Each line of the entries below that includes "Definition" belongs in your answer.

■ **Material to process**:
_ _ _ _

(* Let $T=\{t_1,\ldots,t_N\}$ be documents, each containing at most $L$ distinct words from a dictionary $\{w_1,\ldots,w_D\}$ ($D\ge2$). For a word $w$ let $\#(w)$ be the number of documents containing $w$. Fix $\epsilon\in(0,1]$ and $p=2\log D$. Consider the mapper that, for every document $t$ and every unordered pair of distinct words $(w_1,w_2)$ in $t$, independently emits $((w_1,w_2)\to1)$ with probability $\min\!\left(1,\frac{p}{\epsilon}\frac{2}{\#(w_1)+\#(w_2)}\right)$ (DiceSampleEmit). Then the expected total number of emitted pairs (shuffle size) is $O(DL\log(D)/\epsilon)$, independently of $N$.
   Context: This sampling scheme is used to estimate the Dice similarity $\frac{2\#(x,y)}{\#(x)+\#(y)}$, where $\#(x,y)$ is the number of documents containing both $x$ and $y$. $\log$ denotes the natural logarithm. *)

From HB Require Import structures.
From mathcomp Require Import all_boot all_order all_algebra.
From mathcomp Require Import reals exp.
Set Implicit Arguments. Unset Strict Implicit. Unset Printing Implicit Defensive.
Import Order.TTheory GRing.Theory Num.Theory.
Local Open Scope ring_scope.

(* Dictionary = 'I_D (words w_1..w_D); corpus = N documents T : 'I_N -> {set 'I_D},
   each document being its set of distinct words. *)

Definition doc_count (D N : nat) (T : 'I_N -> {set 'I_D}) (w : 'I_D) : nat :=
  #|[set i | w \in T i]|.

Definition dice_emit_prob (R : realType) (D N : nat) (T : 'I_N -> {set 'I_D})
    (eps : R) (w1 w2 : 'I_D) : R :=
  Num.min 1 ((2 * ln (D%:R)) / eps *
             (2 / (doc_count T w1 + doc_count T w2)%:R)).

(* Expected shuffle size: expected number of emitted pairs = (by linearity of
   expectation) the sum, over documents t and unordered pairs of distinct words
   {w1,w2} of t (enumerated as w1 < w2), of the emission probabilities. *)
Definition dice_expected_shuffle (R : realType) (D N : nat) (T : 'I_N -> {set 'I_D})
    (eps : R) : R :=
  \sum_(i < N) \sum_(w1 in T i) \sum_(w2 in T i | (w1 < w2)%N)
     dice_emit_prob T eps w1 w2.

From HB Require Import structures.
From mathcomp Require Import all_boot all_order all_algebra.
From mathcomp Require Import reals exp.
From mathcomp Require Import ring.
Set Implicit Arguments. Unset Strict Implicit. Unset Printing Implicit Defensive.
Import Order.TTheory GRing.Theory Num.Theory.
Local Open Scope ring_scope.

(* Bound the emission probability of a pair (w1, w2) by c / #(w1), with
   c = 4 log D / eps, and charge it to w1.  Each document contributes at most
   L such charges per word it contains, and a word w is contained in exactly
   #(w) documents, so the total charge of w is at most (c / #(w)) * #(w) * L
   = c L.  Summing over the D words gives 4 D L log D / eps, whatever N is. *)

Lemma doc_count_gt0 (D N : nat) (T : 'I_N -> {set 'I_D}) i w :
  w \in T i -> (0 < doc_count T w)%N.
Proof. by move=> wTi; apply/card_gt0P; exists i; rewrite inE. Qed.

Lemma sum_docs_words (V : nmodType) (D N : nat) (T : 'I_N -> {set 'I_D})
    (F : 'I_D -> V) :
  \sum_(i < N) \sum_(w in T i) F w = \sum_(w < D) F w *+ doc_count T w.
Proof.
rewrite (exchange_big_dep xpredT) //=; apply: eq_bigr => w _.
rewrite sumr_const; congr (_ *+ _).
by apply: eq_card => i; rewrite inE.
Qed.

Lemma divr_mulrn_le (R : numFieldType) (c : R) (n : nat) :
  0 <= c -> (c / n%:R) *+ n <= c.
Proof.
move=> c_ge0; have [->|n_gt0] := posnP n; first by rewrite mulr0n.
by rewrite -mulr_natr divfK // pnatr_eq0 -lt0n.
Qed.

Lemma charge_mulrn_le (R : numFieldType) (c : R) (n L : nat) :
  0 <= c -> (c / n%:R *+ L) *+ n <= c *+ L.
Proof.
move=> c_ge0; rewrite -mulrnA mulnC mulrnA.
by apply: ler_wMn2r; apply: divr_mulrn_le.
Qed.

Lemma scaled_ln_nat_ge0 (R : realType) (k eps : R) (D : nat) :
  0 <= k -> (1 <= D)%N -> 0 < eps -> 0 <= k * ln D%:R / eps.
Proof.
move=> k_ge0 D_ge1 eps_gt0; apply: divr_ge0; last exact: ltW.
by apply: mulr_ge0 => //; apply: ln_ge0; rewrite (ler_nat R 1 D).
Qed.

Lemma dice_emit_prob_le (R : realType) (D N : nat) (T : 'I_N -> {set 'I_D})
    (eps : R) i w1 w2 :
  (1 <= D)%N -> 0 < eps -> w1 \in T i ->
  dice_emit_prob T eps w1 w2 <= 4 * ln D%:R / eps / (doc_count T w1)%:R.
Proof.
move=> D_ge1 eps_gt0 w1Ti.
have c_ge0 : 0 <= 2 * ln D%:R / eps by exact: scaled_ln_nat_ge0.
have cw1_gt0 := doc_count_gt0 w1Ti.
have -> : 4 * ln D%:R / eps / (doc_count T w1)%:R
          = 2 * ln D%:R / eps * (2 / (doc_count T w1)%:R).
  by ring.
rewrite ge_min; apply/orP; right; apply: ler_wpM2l => //.
apply: ler_wpM2l => //.
by rewrite lef_pV2 ?posrE ?ltr0n ?addn_gt0 ?cw1_gt0 // ler_nat leq_addr.
Qed.

Lemma dice_expected_shuffle_le_charges (R : realType) (D L N : nat)
    (T : 'I_N -> {set 'I_D}) (eps : R) :
  (1 <= D)%N -> (forall i, (#|T i| <= L)%N) -> 0 < eps ->
  dice_expected_shuffle T eps
    <= \sum_(i < N) \sum_(w1 in T i) (4 * ln D%:R / eps / (doc_count T w1)%:R) *+ L.
Proof.
move=> D_ge1 TL eps_gt0; apply: ler_sum => i _; apply: ler_sum => w1 w1Ti.
set c := _ / _ / _.
have c_ge0 : 0 <= c by rewrite divr_ge0 // scaled_ln_nat_ge0.
apply: (@le_trans _ _ (\sum_(w2 in T i) c)); last first.
  by rewrite sumr_const ler_wpMn2l.
rewrite big_mkcondr /=; apply: ler_sum => w2 _.
by case: ifP => _ //; apply: dice_emit_prob_le w1Ti.
Qed.

Theorem theorem9 (R : realType) :
  exists C : R, 0 < C /\
    forall (D L N : nat) (T : 'I_N -> {set 'I_D}) (eps : R),
      (2 <= D)%N ->
      (forall i, (#|T i| <= L)%N) ->
      0 < eps -> eps <= 1 ->
      dice_expected_shuffle T eps <= C * D%:R * L%:R * ln (D%:R) / eps.
Proof.
exists 4; split => // D L N T eps D_ge2 TL eps_gt0 _.
have D_ge1 : (1 <= D)%N by apply: ltnW.
have c_ge0 : 0 <= 4 * ln D%:R / eps by exact: scaled_ln_nat_ge0.
apply: le_trans (dice_expected_shuffle_le_charges D_ge1 TL eps_gt0) _.
rewrite sum_docs_words.
apply: le_trans (ler_sum _ (fun w _ => charge_mulrn_le _ L c_ge0)) _.
by rewrite sumr_const card_ord le_eqVlt; apply/orP; left; apply/eqP; ring.
Qed.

_ _ _ _

■ **Response to the exercise**:
Definition doc_count (D N : nat) (T : 'I_N -> {set 'I_D}) (w : 'I_D) : nat :=
Definition dice_emit_prob (R : realType) (D N : nat) (T : 'I_N -> {set 'I_D})
Definition dice_expected_shuffle (R : realType) (D N : nat) (T : 'I_N -> {set 'I_D})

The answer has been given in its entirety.